Find the multiplicative inverse of $1+ 3\sqrt{2}$ in the ring $\mathbb{Q}(\sqrt{2})$ and use it to solve the equation $(1+3\sqrt{2})x=1-5\sqrt{2}$.
I think that the inverse is the conjugate, so it would be $1-3\sqrt{2}$, but then I don't know where to use in the equation that needs to be solved.
Let $a+b\sqrt{2} \in \mathbb{Q}(\sqrt{2})$ be the inverse of $1+3\sqrt{2}$, i.e. $(a+b\sqrt{2})(1+3\sqrt{2})=1$. Then $$ 1=a+6b+(3a+b)\sqrt{2}, $$ i.e. $$ 3a+b=0,\ a+6b=1. $$ It follows that $$ a=-\frac{1}{17},\ b=\frac{3}{17}. $$ Now $$ (1+3\sqrt{2})x=1-5\sqrt{2} \iff x=(1+3\sqrt{2})^{-1}(1-5\sqrt{2}), $$ i.e. $$ x=\frac{1}{17}(-1+3\sqrt{2})(1-5\sqrt{2})=-\frac{31}{17}+\frac{8}{17}\sqrt{2}. $$
The inverse is almost never the conjugate. However, it does end up being related to the conjugate. (Why and how?) We can also use the conjugate instead, and avoid having to determine the inverse explicitly. Multiplying both sides of $$(1+3\sqrt{2})x=1-5\sqrt{2}$$ by $1-3\sqrt{2}$ gives us $$-17x=31-8\sqrt{2},$$ from which we see that $$x=-\frac{31}{17}+\frac8{17}\sqrt{2}.$$
$\overbrace{\rm\alpha\!\neq\! 0\,\Rightarrow\, 0\!\ne\!\color{#c00}{\alpha}\bar\alpha\! =\! \color{#0a0}n\in \Bbb Z}^{\rm \color{#0a0}n\ \in\ \Bbb Z\, \text{ is a simpler multiple of }\,\color{#c00}{\alpha}},\,$ so $\,\bar \alpha\,$ times $\rm\: \alpha\:\! x = \beta\,$ $\rm\Rightarrow\, n\:\! x = \bar\alpha\beta, \:$ i.e. in fraction language
$$\rm\: \underbrace{x = \dfrac{\beta}{\color{#c00}{\alpha}} = \dfrac{\bar\alpha\beta}{\bar\alpha\alpha} = \dfrac{\bar\alpha\beta}{\color{#0a0}n}}_{\begin{align} \text{transform division by $\color{#c00}{\rm algebraic}$}\\ \text{to a simpler division by $\rm\color{#0a0}{integer}$}\end{align}}\qquad$$
This is known as rationalizing the denominator. The key idea is that every irrational algebraic $\,\alpha\,$ has a "simpler" (i.e. rational) multiple, its norm $\,\color{#0a0}{\rm n} = \alpha\bar \alpha,\,$ so we can reduce division by an irrational $\,\color{#c00}{\alpha}$ to division by the rational $\,\color{#0a0}{\rm n},\,$ which is simpler. This is a prototypical special case of the general method of simpler multiples.

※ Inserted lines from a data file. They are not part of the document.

(* Let $\mathbb{C}$ be an almost exact Gumm category. Suppose given morphisms $\varphi\colon P\to Z$, $x\colon P\to X$, $f\colon X\to Y$, $y\colon Z\to Y$, $u\colon X\to U$, $v\colon Y\to V$, $w\colon U\to V$ with $fx=y\varphi$ and $wu=vf$, such that $\varphi,x,f,y$ are regular epimorphisms, the square $fx=y\varphi$ is a pushout, and the outer rectangle (the square with sides $\varphi$, $ux$, $vy$, $w$) is a pullback. Then both squares $fx=y\varphi$ and $wu=vf$ are pullbacks.
   Context: A regular category is a finitely complete category in which every kernel pair has a coequaliser and regular epimorphisms are stable under pullback. A regular category is almost exact if every regular epimorphism is an effective descent morphism; equivalently, for every regular epimorphism $f\colon X\to Y$ with kernel pair $R_f$ and every equivalence relation $R$ on an object $X'$ equipped with a morphism of relations $(g,h)\colon R\to R_f$ (with $g\colon X'\to X$) which is a discrete fibration (the squares formed by the projections are pullbacks), $R$ is an effective equivalence relation (a kernel pair). For equivalence relations $R,S$ on an object $X$, $R\square S$ denotes the largest double equivalence relation on $R$ and $S$: in generalized elements, the relation on $R$ consisting of pairs $((a,b),(c,d))$ with $(a,b),(c,d)\in R$, $(a,c)\in S$, $(b,d)\in S$, with projections $\pi_1,\pi_2$ to $R$. A finitely complete category is a Gumm category if for all equivalence relations $R,S,T$ on a same object with $R\wedge S\le T\le R$, the canonical inclusion $T\square S\to R\square S$ over $T\to R$ is a discrete fibration, i.e. the squares it forms with the projections $\pi_1$, $\pi_2$ are pullbacks. *)

Record Category := {
  Ob :> Type;
  Hom : Ob -> Ob -> Type;
  idm : forall A, Hom A A;
  comp : forall A B C, Hom B C -> Hom A B -> Hom A C;
  comp_assoc : forall A B C D (h : Hom C D) (g : Hom B C) (f : Hom A B),
      comp A C D h (comp A B C g f) = comp A B D (comp B C D h g) f;
  id_left : forall A B (f : Hom A B), comp A B B (idm B) f = f;
  id_right : forall A B (f : Hom A B), comp A A B f (idm A) = f
}.

Arguments Hom {c} _ _.
Arguments idm {c} _.
Arguments comp {c} {A B C} _ _.

Notation "A ~> B" := (Hom A B) (at level 90, right associativity).
Notation "g \o f" := (comp g f) (at level 40, left associativity).

Section Cat.
Context {C : Category}.

Definition is_pullback {A B Cc P : C} (f : A ~> Cc) (g : B ~> Cc)
    (p1 : P ~> A) (p2 : P ~> B) : Prop :=
  f \o p1 = g \o p2 /\
  forall (Q : C) (q1 : Q ~> A) (q2 : Q ~> B), f \o q1 = g \o q2 ->
    exists h : Q ~> P, p1 \o h = q1 /\ p2 \o h = q2 /\
      forall h' : Q ~> P, p1 \o h' = q1 -> p2 \o h' = q2 -> h' = h.

Definition is_pushout {P A B Q : C} (a : P ~> A) (b : P ~> B)
    (qa : A ~> Q) (qb : B ~> Q) : Prop :=
  qa \o a = qb \o b /\
  forall (W : C) (wa : A ~> W) (wb : B ~> W), wa \o a = wb \o b ->
    exists h : Q ~> W, h \o qa = wa /\ h \o qb = wb /\
      forall h' : Q ~> W, h' \o qa = wa -> h' \o qb = wb -> h' = h.

Definition is_terminal (T : C) : Prop :=
  forall A : C, exists h : A ~> T, forall h' : A ~> T, h' = h.

Definition is_coequalizer {K X Q : C} (k1 k2 : K ~> X) (q : X ~> Q) : Prop :=
  q \o k1 = q \o k2 /\
  forall (W : C) (g : X ~> W), g \o k1 = g \o k2 ->
    exists h : Q ~> W, h \o q = g /\ forall h' : Q ~> W, h' \o q = g -> h' = h.

Definition regular_epi {X Y : C} (f : X ~> Y) : Prop :=
  exists (K : C) (k1 k2 : K ~> X), is_coequalizer k1 k2 f.

Definition is_kernel_pair {X Y K : C} (f : X ~> Y) (k1 k2 : K ~> X) : Prop :=
  is_pullback f f k1 k2.

Definition jointly_monic {A X Y : C} (a : A ~> X) (b : A ~> Y) : Prop :=
  forall (Q : C) (h k : Q ~> A), a \o h = a \o k -> b \o h = b \o k -> h = k.

(** Internal relations R on X are jointly monic spans r1, r2 : R ~> X;
    reflexivity / symmetry / transitivity are stated in generalized elements. *)
Definition is_relation {R X : C} (r1 r2 : R ~> X) : Prop := jointly_monic r1 r2.

Definition rel_reflexive {R X : C} (r1 r2 : R ~> X) : Prop :=
  forall (A : C) (a : A ~> X), exists h : A ~> R, r1 \o h = a /\ r2 \o h = a.

Definition rel_symmetric {R X : C} (r1 r2 : R ~> X) : Prop :=
  forall (A : C) (h : A ~> R), exists h' : A ~> R,
    r1 \o h' = r2 \o h /\ r2 \o h' = r1 \o h.

Definition rel_transitive {R X : C} (r1 r2 : R ~> X) : Prop :=
  forall (A : C) (h k : A ~> R), r2 \o h = r1 \o k ->
    exists l : A ~> R, r1 \o l = r1 \o h /\ r2 \o l = r2 \o k.

Definition is_equivalence_relation {R X : C} (r1 r2 : R ~> X) : Prop :=
  is_relation r1 r2 /\ rel_reflexive r1 r2 /\ rel_symmetric r1 r2 /\
  rel_transitive r1 r2.

Definition effective_relation {R X : C} (r1 r2 : R ~> X) : Prop :=
  exists (W : C) (g : X ~> W), is_kernel_pair g r1 r2.

Definition rel_le {R T X : C} (r1 r2 : R ~> X) (t1 t2 : T ~> X) : Prop :=
  exists m : R ~> T, t1 \o m = r1 /\ t2 \o m = r2.

(** R /\ S <= T, in generalized elements:
    every pair (a,b) lying in both R and S lies in T. *)
Definition meet_le {R S T X : C} (r1 r2 : R ~> X) (s1 s2 : S ~> X)
    (t1 t2 : T ~> X) : Prop :=
  forall (A : C) (a : A ~> R) (b : A ~> S), r1 \o a = s1 \o b -> r2 \o a = s2 \o b ->
    exists c : A ~> T, t1 \o c = r1 \o a /\ t2 \o c = r2 \o a.

(** (D, p1, p2) represents R [] S : the relation on R consisting of the pairs
    ((a,b),(c,d)) of elements of R with (a,c) in S and (b,d) in S. *)
Definition is_box {R S D X : C} (r1 r2 : R ~> X) (s1 s2 : S ~> X)
    (p1 p2 : D ~> R) : Prop :=
  jointly_monic p1 p2 /\
  forall (A : C) (e1 e2 : A ~> R),
    (exists d : A ~> D, p1 \o d = e1 /\ p2 \o d = e2) <->
    ((exists s : A ~> S, s1 \o s = r1 \o e1 /\ s2 \o s = r1 \o e2) /\
     (exists s : A ~> S, s1 \o s = r2 \o e1 /\ s2 \o s = r2 \o e2)).

End Cat.

Definition finitely_complete (C : Category) : Prop :=
  (exists T : C, is_terminal T) /\
  forall (A B D : C) (f : A ~> D) (g : B ~> D),
    exists (P : C) (p1 : P ~> A) (p2 : P ~> B), is_pullback f g p1 p2.

Definition regular_category (C : Category) : Prop :=
  finitely_complete C /\
  (forall (X Y K : C) (f : X ~> Y) (k1 k2 : K ~> X), is_kernel_pair f k1 k2 ->
     exists (Q : C) (q : X ~> Q), is_coequalizer k1 k2 q) /\
  (forall (A B D P : C) (f : A ~> D) (g : B ~> D) (p1 : P ~> A) (p2 : P ~> B),
     is_pullback f g p1 p2 -> regular_epi g -> regular_epi p1).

Instead of finding inverse, you can directly find(less computation) $x$
Let $x=a+b\sqrt 2$
Then, $(1+3\sqrt 2)(a+b\sqrt 2)=1-5\sqrt 2\implies (a+6b)+(3a+b)\sqrt 2=1-5\sqrt 2$
$\implies a+6b=1$ and $3a+b=-5$.
Solving these equations, we get
$a=-\frac{31}{17}$ and $b=\frac{8}{17}\implies x=-\frac{31}{17}+\frac{8}{17}\sqrt 2$
We try to find it of the form $a+b\sqrt 2$ where $a$ and $b$ are two rational numbers. Then we should have $a+6b=1$ and $3a+b=0$, as $\sqrt 2$ is irrational. Then we just have a system to solve.